AD is a prime example of a high-risk environment left dangerously unprotected. Although it represents a potential gold mine for attackers, AD sits awkwardly between endpoint and access management solutions, causing joint management and security gaps driven by a conflict in goals over its use and control. Identity teams want it operational, while management wants it to be efficient—both of which often come at the expense of security. Security teams need AD to be more secure but lack the tools to understand the risks and to influence prompt remediation. They also often lack the power to make changes to risky configurations since it could limit access for others or have unintended consequences. Only tools that provide greater visibility and a better understanding of the risks can bring them together and drive alignment on critical fixes.


Executives think of Active Directory as a service: a central management platform that ensures employees can get easy access to the resources they need. In their minds, tools like firewalls, logs, and SIEMs, combined with periodic audits, should keep AD sufficiently protected. Unfortunately, this is not the case, even if a full audit was made only days ago. Taking a passive stance on AD may have been sufficient in the past, but recent large-scale attacks have demonstrated how attackers can obtain genuine credentials to impersonate actual employees and pass straight through most identity systems. It would be negligent to leave AD exposed and at risk of compromise.
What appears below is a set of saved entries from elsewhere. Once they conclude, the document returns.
(* Let $\mathbb{X},\mathbb{Y}$ be real normed spaces, $\epsilon\in[0,1)$, and $T\in\mathbb{B}(\mathbb{X},\mathbb{Y})$ nonzero. Then for any $A\in\mathbb{B}(\mathbb{X},\mathbb{Y})$, $T\perp_B^{\epsilon}A$ if and only if (a) or (b) holds: (a) there exists a sequence $(x_n)$ of unit vectors in $\mathbb{X}$ such that $\|Tx_n\|\to\|T\|$, and $\lim_{n\to\infty}\|Ax_n\|$ exists and is $\le\epsilon\|A\|$; (b) there exist sequences $(x_n),(y_n)$ of unit vectors in $\mathbb{X}$ and sequences $(\epsilon_n),(\delta_n)$ of positive reals such that: (i) $\epsilon_n\to0$, $\delta_n\to0$, $\|Tx_n\|\to\|T\|$, $\|Ty_n\|\to\|T\|$; (ii) for all $n$ and all $\lambda\ge0$, $\|Tx_n+\lambda Ax_n\|^2\ge(1-\epsilon_n^2)\|Tx_n\|^2-2\epsilon\sqrt{1-\epsilon_n^2}\,\|Tx_n\|\|\lambda A\|$; (iii) for all $n$ and all $\lambda\le0$, $\|Ty_n+\lambda Ay_n\|^2\ge(1-\delta_n^2)\|Ty_n\|^2-2\epsilon\sqrt{1-\delta_n^2}\,\|Ty_n\|\|\lambda A\|$.
   Context: $\mathbb{B}(\mathbb{X},\mathbb{Y})$ is the space of bounded linear operators from $\mathbb{X}$ to $\mathbb{Y}$ with the operator norm. For $\epsilon\in[0,1)$ and $u,v$ in a normed space, $u\perp_B^{\epsilon}v$ means $\|u+\lambda v\|^2\ge\|u\|^2-2\epsilon\|u\|\|\lambda v\|$ for all $\lambda\in\mathbb{R}$. *)

From Stdlib Require Import Reals Lra ClassicalEpsilon.
Open Scope R_scope.

Record NormedSpace : Type := {
  carrier :> Type;
  zero : carrier;
  add : carrier -> carrier -> carrier;
  opp : carrier -> carrier;
  scal : R -> carrier -> carrier;
  norm : carrier -> R;
  add_assoc : forall x y z, add x (add y z) = add (add x y) z;
  add_comm : forall x y, add x y = add y x;
  add_zero : forall x, add x zero = x;
  add_opp : forall x, add x (opp x) = zero;
  scal_assoc : forall a b x, scal a (scal b x) = scal (a * b) x;
  scal_one : forall x, scal 1 x = x;
  scal_distr_l : forall a x y, scal a (add x y) = add (scal a x) (scal a y);
  scal_distr_r : forall a b x, scal (a + b) x = add (scal a x) (scal b x);
  norm_eq_zero : forall x, norm x = 0 -> x = zero;
  norm_scal : forall a x, norm (scal a x) = Rabs a * norm x;
  norm_triangle : forall x y, norm (add x y) <= norm x + norm y
}.

Arguments zero {n}.
Arguments add {n}.
Arguments opp {n}.
Arguments scal {n}.
Arguments norm {n}.

Definition is_bounded_linear {X Y : NormedSpace} (T : X -> Y) : Prop :=
  (forall x y, T (add x y) = add (T x) (T y)) /\
  (forall (a : R) x, T (scal a x) = scal a (T x)) /\
  (exists M : R, forall x, norm (T x) <= M * norm x).

(* Operator norm: ||T|| = sup { ||T x|| : ||x|| <= 1 } (chosen by epsilon;
   for a bounded linear T this supremum exists). *)
Definition opnorm_set {X Y : NormedSpace} (T : X -> Y) (r : R) : Prop :=
  exists x : X, norm x <= 1 /\ r = norm (T x).

Definition opnorm {X Y : NormedSpace} (T : X -> Y) : R :=
  epsilon (inhabits 0) (fun c => is_lub (opnorm_set T) c).

Definition op_add {X Y : NormedSpace} (T A : X -> Y) : X -> Y :=
  fun x => add (T x) (A x).
Definition op_scal {X Y : NormedSpace} (l : R) (A : X -> Y) : X -> Y :=
  fun x => scal l (A x).

Definition bj_eps_orth {V : Type} (nrm : V -> R) (ad : V -> V -> V)
  (sc : R -> V -> V) (eps : R) (u v : V) : Prop :=
  forall l : R,
    (nrm (ad u (sc l v))) ^ 2 >= (nrm u) ^ 2 - 2 * eps * nrm u * nrm (sc l v).

Definition op_bj_eps_orth {X Y : NormedSpace} (eps : R) (T A : X -> Y) : Prop :=
  bj_eps_orth opnorm op_add op_scal eps T A.

(* If some norming sequence of [T] is almost annihilated by [A], (a) holds.  Otherwise
   [|A x| > k] for all unit [x] with [|T x|] close to [|T|].  Applying the orthogonality to
   [T + h A] for a small step [h > 0] and picking a unit [x] almost attaining its norm gives
   [|T x + h A x| >= |T| - eps h |A| - O(h^2)].  The identity
   [l (T x + h A x) = h (T x + l A x) + (l - h) T x] propagates this to
   [|T x + l A x| >= |T x| - eps l |A| - O(h)] for all [l >= 0] (for large [l] the term
   [l A x] dominates), and squaring yields (ii) with [e_n^2] of order [h_n].  Condition
   (iii) is (ii) for [-A].  Conversely, (a) and (b) give the orthogonality inequality in
   the limit. *)
From Stdlib Require Import Reals Lra Psatz ClassicalEpsilon Classical FunctionalExtensionality.
Open Scope R_scope.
Making Life Hard on Attackers Is Critical 


Despite new investments in endpoint protections and identity management services, neither will effectively protect AD. Organizations need AD-specific protections designed to identify issues and unauthorized attempts to access their data or settings.


Visibility is a critical element of this. Enterprises need to identify changes to AD that might indicate an attacker's presence, such as mass account lockouts or deletions. Suspicious password management, brute force login attempts, and other signs can also reveal an attacker. If enterprises do not have sufficient network visibility, attackers can try all of these tactics with little fear of discovery. The earlier in the attack cycle, enterprises can detect activities like queries from non-privileged accounts, suspicious processes connecting to AD, and others, the better their chances of derailing the attack.
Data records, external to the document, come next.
(* Consider the ring grooming instance with $n=9$, $c=1$ and traffic demands $\{1,2\},\{1,3\},\{2,3\},\{4,5\},\{4,6\},\{5,6\},\{7,8\},\{7,9\},\{8,9\}$ (each once). Then: (i) the minimum number of ADMs is $m=9$; (ii) every feasible routing achieving $9$ ADMs uses at least $3$ rings carrying traffic; (iii) there is a feasible routing using only $2$ rings carrying traffic; hence the number of rings carrying traffic and the number of ADMs cannot be minimized simultaneously for this instance.
   Context: Ring grooming. An instance consists of integers $n\ge 2$ (ring size) and $c\ge 1$ (capacity), and a finite list $L$ of unordered pairs $\{j,k\}$ with $j\ne k$, $j,k\in\{1,\dots,n\}$ (repetitions allowed); these are the traffic demands. Let $d_{jk}=d_{kj}$ be the number of times $\{j,k\}$ occurs in $L$ (the traffic matrix; $d_{jj}=0$). Let $C_n$ be the cycle graph on vertices $1,\dots,n$ in cyclic order, with edges $\{l,l+1\}$ for $1\le l<n$ and $\{n,1\}$. A solution uses some finite number $r$ of ''rings'', each a copy of $C_n$ in which every edge has capacity $c$. A routing specifies, for every ring $i$ and every pair $j<k$, nonnegative integers $t^0_{ijk},t^1_{ijk}$: the amounts of $\{j,k\}$-traffic sent on ring $i$ along each of the two arcs of $C_n$ between $j$ and $k$. It is feasible if $\sum_i (t^0_{ijk}+t^1_{ijk})=d_{jk}$ for all $j<k$, and for every ring $i$ and every edge $e$ of $C_n$ the total traffic routed on ring $i$ along arcs containing $e$ is at most $c$. Ring $i$ needs an ADM (add/drop multiplexer) at vertex $j$ iff some traffic with endpoint $j$ is routed on ring $i$. The cost of a routing is the total number of ADMs, i.e. the number of pairs (ring $i$, vertex $j$) at which an ADM is needed. $m=m(n,c,L)$ denotes the minimum cost over all feasible routings. *)

From mathcomp Require Import all_boot.
Set Implicit Arguments. Unset Strict Implicit. Unset Printing Implicit Defensive.

(* Ring vertices 1..n are represented by ordinals v : 'I_n, with v standing
   for vertex v+1.  Edge e : 'I_n is the edge {e+1, e+2} (and edge n-1 is {n,1}).
   Traffic demands L are given with the paper's labels 1..n. *)

Definition demand (n : nat) (L : seq (nat * nat)) (j k : 'I_n) : nat :=
  count (fun p => (p == (j.+1, k.+1)) || (p == (k.+1, j.+1))) L.

(* A routing on r rings: t i j k b = t^b_{ijk} (b = false: arc 0, b = true: arc 1),
   only entries with j < k are meaningful.
   Arc 0 between j < k is the path j, j+1, ..., k: it contains edge e iff j <= e < k.
   Arc 1 is the complementary arc. *)
Definition routing (n r : nat) := 'I_r -> 'I_n -> 'I_n -> bool -> nat.

Definition on_arc0 (n : nat) (j k e : 'I_n) : bool := (j <= e) && (e < k).

Definition edge_load (n r : nat) (t : routing n r) (i : 'I_r) (e : 'I_n) : nat :=
  \sum_(j < n) \sum_(k < n | j < k)
     (if on_arc0 j k e then t i j k false else t i j k true).

Definition feasible (n c : nat) (L : seq (nat * nat)) (r : nat) (t : routing n r) : Prop :=
  (forall j k : 'I_n, j < k ->
     \sum_(i < r) (t i j k false + t i j k true) = demand L j k) /\
  (forall (i : 'I_r) (e : 'I_n), edge_load t i e <= c).

Definition needs_adm (n r : nat) (t : routing n r) (i : 'I_r) (v : 'I_n) : bool :=
  [exists j : 'I_n, exists k : 'I_n,
     [&& j < k, (j == v) || (k == v) & 0 < t i j k false + t i j k true]].

Definition cost (n r : nat) (t : routing n r) : nat :=
  #|[set p : 'I_r * 'I_n | needs_adm t p.1 p.2]|.

Definition carries (n r : nat) (t : routing n r) (i : 'I_r) : bool :=
  [exists j : 'I_n, exists k : 'I_n, (j < k) && (0 < t i j k false + t i j k true)].

Definition rings_used (n r : nat) (t : routing n r) : nat :=
  #|[set i : 'I_r | carries t i]|.

Definition is_min_cost (n c : nat) (L : seq (nat * nat)) (m : nat) : Prop :=
  (exists r (t : routing n r), feasible c L t /\ cost t = m) /\
  (forall r (t : routing n r), feasible c L t -> m <= cost t).

Definition L_ex : seq (nat * nat) :=
  [:: (1,2); (1,3); (2,3); (4,5); (4,6); (5,6); (7,8); (7,9); (8,9)].

From mathcomp Require Import all_boot zify.

(* Every vertex is an endpoint of a demand, and each ring carrying a demand needs
   ADMs at both of its ends, so at least 9 ADMs are needed; with exactly 9, the
   ADMs of each vertex sit on a single ring, which forces each triangle of demands
   onto one ring.  On a ring of capacity 1 the three arcs routing a triangle load
   the edges with a common parity, so either some edge is loaded twice or every
   edge is loaded at least once; hence no two triangles share a ring and three
   rings are needed.  One ring per triangle attains 9 ADMs, while one ring for all
   pairs {j, j+1} and one for the pairs {3m+1, 3m+3} carry everything on 2 rings. *)

Set Implicit Arguments. Unset Strict Implicit. Unset Printing Implicit Defensive.

Section Routing.

Variables (n r : nat) (t : routing n r).

Definition carried (i : 'I_r) (j k : 'I_n) := 0 < t i j k false + t i j k true.

Definition arc_load (i : 'I_r) (j k e : 'I_n) :=
  if on_arc0 j k e then t i j k false else t i j k true.

Definition adm_set := [set p : 'I_r * 'I_n | needs_adm t p.1 p.2].

Lemma needs_adm_carried i (j k : 'I_n) :
  j < k -> carried i j k -> needs_adm t i j && needs_adm t i k.
Proof.
by move=> ltjk cijk; apply/andP; split; apply/existsP; exists j; apply/existsP;
  exists k; rewrite ltjk eqxx ?orbT.
Qed.

Lemma carries_of_carried i (j k : 'I_n) : j < k -> carried i j k -> carries t i.
Proof.
by move=> ltjk cijk; apply/existsP; exists j; apply/existsP; exists k; rewrite ltjk.
Qed.

Lemma demand_carried c L (j k : 'I_n) :
  feasible c L t -> j < k -> 0 < demand L j k -> exists i, carried i j k.
Proof.
move=> [tot _] ltjk; rewrite -(tot j k ltjk).
case: (pickP (fun i => carried i j k)) => [i ci | none]; first by exists i.
by rewrite big1 // => i _; move: (none i); rewrite /carried lt0n => /negbFE/eqP.
Qed.

Lemma sum_arc_load_le (i : 'I_r) (e : 'I_n) (s : seq ('I_n * 'I_n)) :
  uniq s -> all (fun p : 'I_n * 'I_n => p.1 < p.2) s ->
  \sum_(p <- s) arc_load i p.1 p.2 e <= edge_load t i e.
Proof.
move=> uniq_s lt_s; rewrite /edge_load pair_big_dep /= (big_uniq _ uniq_s).
rewrite big_mkcond [X in _ <= X]big_mkcond /=; apply: leq_sum => p _.
by case: ifP => // ps; rewrite (allP lt_s p ps); case: p ps.
Qed.

Lemma arc_load_ge i (j k e : 'I_n) :
  carried i j k -> (on_arc0 j k e != (t i j k false == 0)) <= arc_load i j k e.
Proof. by rewrite /carried /arc_load; case: (t i j k false) => [|m]; case: ifP. Qed.

End Routing.

Section Triangle.

Variables (n r : nat) (t : routing n r) (i : 'I_r) (a b c : 'I_n).
Hypotheses (ltab : a < b) (ltbc : b < c).

Definition triangle_load (e : 'I_n) :=
  arc_load t i a b e + arc_load t i a c e + arc_load t i b c e.

Definition triangle_arcs (e : 'I_n) :=
  (on_arc0 a b e, on_arc0 a c e, on_arc0 b c e).

Lemma triangle_arcs_cases e :
  triangle_arcs e \in [:: (true, true, false); (false, true, true); (false, false, false)].
Proof.
rewrite /triangle_arcs /on_arc0 !inE.
have [lebe|ltbe] := leqP b e; have [lece|ltce] := leqP c e;
  have [leae|ltae] := leqP a e; rewrite ?andbT ?andbF //=; lia.
Qed.

Lemma triangle_arcs_vertices :
  [/\ triangle_arcs a = (true, true, false), triangle_arcs b = (false, true, true)
     & triangle_arcs c = (false, false, false)].
Proof. by rewrite /triangle_arcs /on_arc0; split; congr (_, _, _); lia. Qed.

Hypotheses (cab : carried t i a b) (cac : carried t i a c) (cbc : carried t i b c).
Taking steps such as hiding critical network assets, files, or AD objects and sprinkling false ones can fool attackers into going off course and giving themselves away. Placing deceptive credentials on endpoints can also trick attackers into revealing their presence when they attempt to use them. By making life harder for attackers, organizations can demonstrate that they are not an easy target—potentially convincing attackers that they are better off focusing their efforts elsewhere. At a minimum, it will slow adversaries down and give defenders more time to effectively respond to and mitigate the attack.


Better AD Protection Means Better Network Protection


Active Directory is a critical component of identity and authentication, but today's enterprises do not put nearly enough emphasis on its protection. Modern identity and endpoint solutions have left AD in a strange middle ground, with a complex and often conflicted web of ownership over its security. Attackers have capitalized on this lack of focus, targeting AD with millions of attacks each day.


Stolen credentials and privilege escalation take place in a significant percentage of today's attacks, underscoring the need to protect this critical asset. Placing increased emphasis on AD protection with AD-specific security tools is essential. Closing this coverage gap with better visibility and detection capabilities will help enterprises avoid losing domain control of their systems and security controls, greatly reducing cybercriminals' impact.